The tart's origins are in the epicenter of the former Portguese empire - the city of Lisbon. More specifically, they lie behind the enclosing walls of the Jerónimos Monastery in the city's Belém district. During the imperial epoque, monasteries and convents throughout Portugal made cakes and sweets, which they sold to the public to raise funds. The bakers of the Jerónimos Monastery were famed for making a small tart with a puff-pastry crust and a sweet, rich eggy custard filling. These were the original pastéis de Belém and their recipe was a closely guarded secret.
At the beginning of the 19th Century, many of these monasteries closed or folded up their pastry operation, including that of the Jerónimos Monastery. An enterprising Brazilian baker named Domingo Rafael Alves who lived in Lisbon finagled the recipe out of one of the monastery's former bakers and in 1837 opened a pastry shop called Antiga Confeitaria de Belém. Today the shop is owned by descendents of Sr. Alves and still specializes in the tarts that made it famous almost two hundred years ago and that have made it prosperous up til today.

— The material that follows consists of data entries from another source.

Lemma connect_sub_pair_span r a b : symmetric r -> connect r a b ->
  (Q a - Q b <= pair_span (edge_pairs r))%MS.
Proof.
move=> r_sym /connectP [p + ->]; elim: p a => [|c p IHp] a /=.
  by rewrite subrr sub0mx.
case/andP=> rac /IHp cp.
have -> : Q a - Q (last c p) = (Q a - Q c) + (Q c - Q (last c p)) by rewrite subrKA.
by rewrite addmx_sub // sub_pair_span.
Qed.

Lemma orth_pair_span r (w : 'rV[R]_d) :
  (forall a b, r a b -> dotp w (Q a - Q b) = 0) ->
  w *m (pair_span (edge_pairs r))^T = 0.
Proof.
move=> w_orth; suff /sub_kermxP/(congr1 trmx) : (pair_span (edge_pairs r) <= kermx w^T)%MS.
  by rewrite trmx_mul trmxK trmx0.
apply: pair_span_subP => a b rab.
by rewrite sub_kermx mulmx_tr_eq0_dotp dotpC w_orth.
Qed.

Lemma general_position_rank_full r i j :
  ideal_general_position Q -> symmetric r -> irreflexive r -> ~~ connect r i j ->
  (Q i - Q j <= pair_span (edge_pairs r))%MS -> \rank (pair_span (edge_pairs r)) = d.
Proof.
move=> [_ GP] r_sym r_irr nij Qij.
have ij : i != j by apply: contraNneq nij => ->; apply: connect0.
pose r' : rel 'I_n := fun a b => [|| r a b, (a == i) && (b == j) | (a == j) && (b == i)].
have r'_sym : symmetric r'.
  by move=> a b; rewrite /r' r_sym (andbC (a == i)) (andbC (a == j)) [_ || _ && _]orbC.
have r'_irr : irreflexive r'.
  move=> a; rewrite /r' r_irr /=; apply/negbTE/norP.
  by split; apply: contraNN ij => /andP [/eqP <- /eqP <-].
have rr' : subrel r r' by move=> a b rab; rewrite /r' rab.
have rank_eq : \rank (pair_span (edge_pairs r')) = \rank (pair_span (edge_pairs r)).
  apply/eqP; rewrite eqn_leq !mxrankS //; apply: pair_span_subP => a b.
    by move/rr'; apply: sub_pair_span.
  case/or3P=> [/(sub_pair_span r_sym) // | /andP [/eqP -> /eqP ->] // |].
  by case/andP=> /eqP -> /eqP ->; rewrite -opprB -scaleN1r scalemx_sub.
have r'ij : r' i j by rewrite /r' !eqxx orbT.
have comp_lt : (n_comp r' 'I_n < n_comp r 'I_n)%N.
  exact: n_comp_subrel_lt r_sym r'_sym rr' r'ij nij.
have comp_le : (n_comp r 'I_n <= n)%N by rewrite -[X in (_ <= X)%N]card_ord max_card.
have := GP _ (@edge_pairs_lt r'); have := GP _ (@edge_pairs_lt r).
rewrite /ideal_span_dim -!/(pair_span _) !ncomp_edge_pairs // rank_eq.
move=> /addIr/eqP + /addIr/eqP; rewrite !eqz_nat => /eqP rank_r /eqP rank_r'.
lia.
Qed.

At the Antiga Confeitaria de Belém three master bakers (the only three who are privy to the recipe) make the dough and the filling in a locked, alarmed and guarded room, passing them to assistants outside who form the tarts, fill them and cook them. Every day thousands of customers, many of them tourists, but tens of thousands of these treats, and eat many of them in the bake shop itself, served with a demitasse of strong Portuguese coffee.
|Antiga Confeitaria de Belém, Lisbon|
Long ago, the Antiga Confeitaria de Belém registered the name Pastel de Belém and legally only those tarts made on site, from the original recipe are entitled to be called Pastel de Belém. Any other similar tart, from anywhere else, is a Pastel de Nata. At least in theory, that's the case, but the law isn't universally enforced and one can find tarts called Pastel de Belém in pastry shops from Lisbon to Rio de Janeiro, to Luanda, and on to Malacca and Macau. In Brazil they can be found in almost all pastry shops and are a favorite mid-afternoon treat or part of a dessert buffet at a gala party or a wedding reception.
|Chinese egg tart|
Obviously, the three people in the world who have the true recipe for Pastel de Belém do not include us here at Flavors of Brazil, and so we won't be publishing the authentic recipe. However, in upcoming posts we will provide a very typical, hopefully almost-authentic recipe for a tart that might be called Pseudo-pastel de Belém, as well as one for the Asian version that's found in Chinatowns around the world.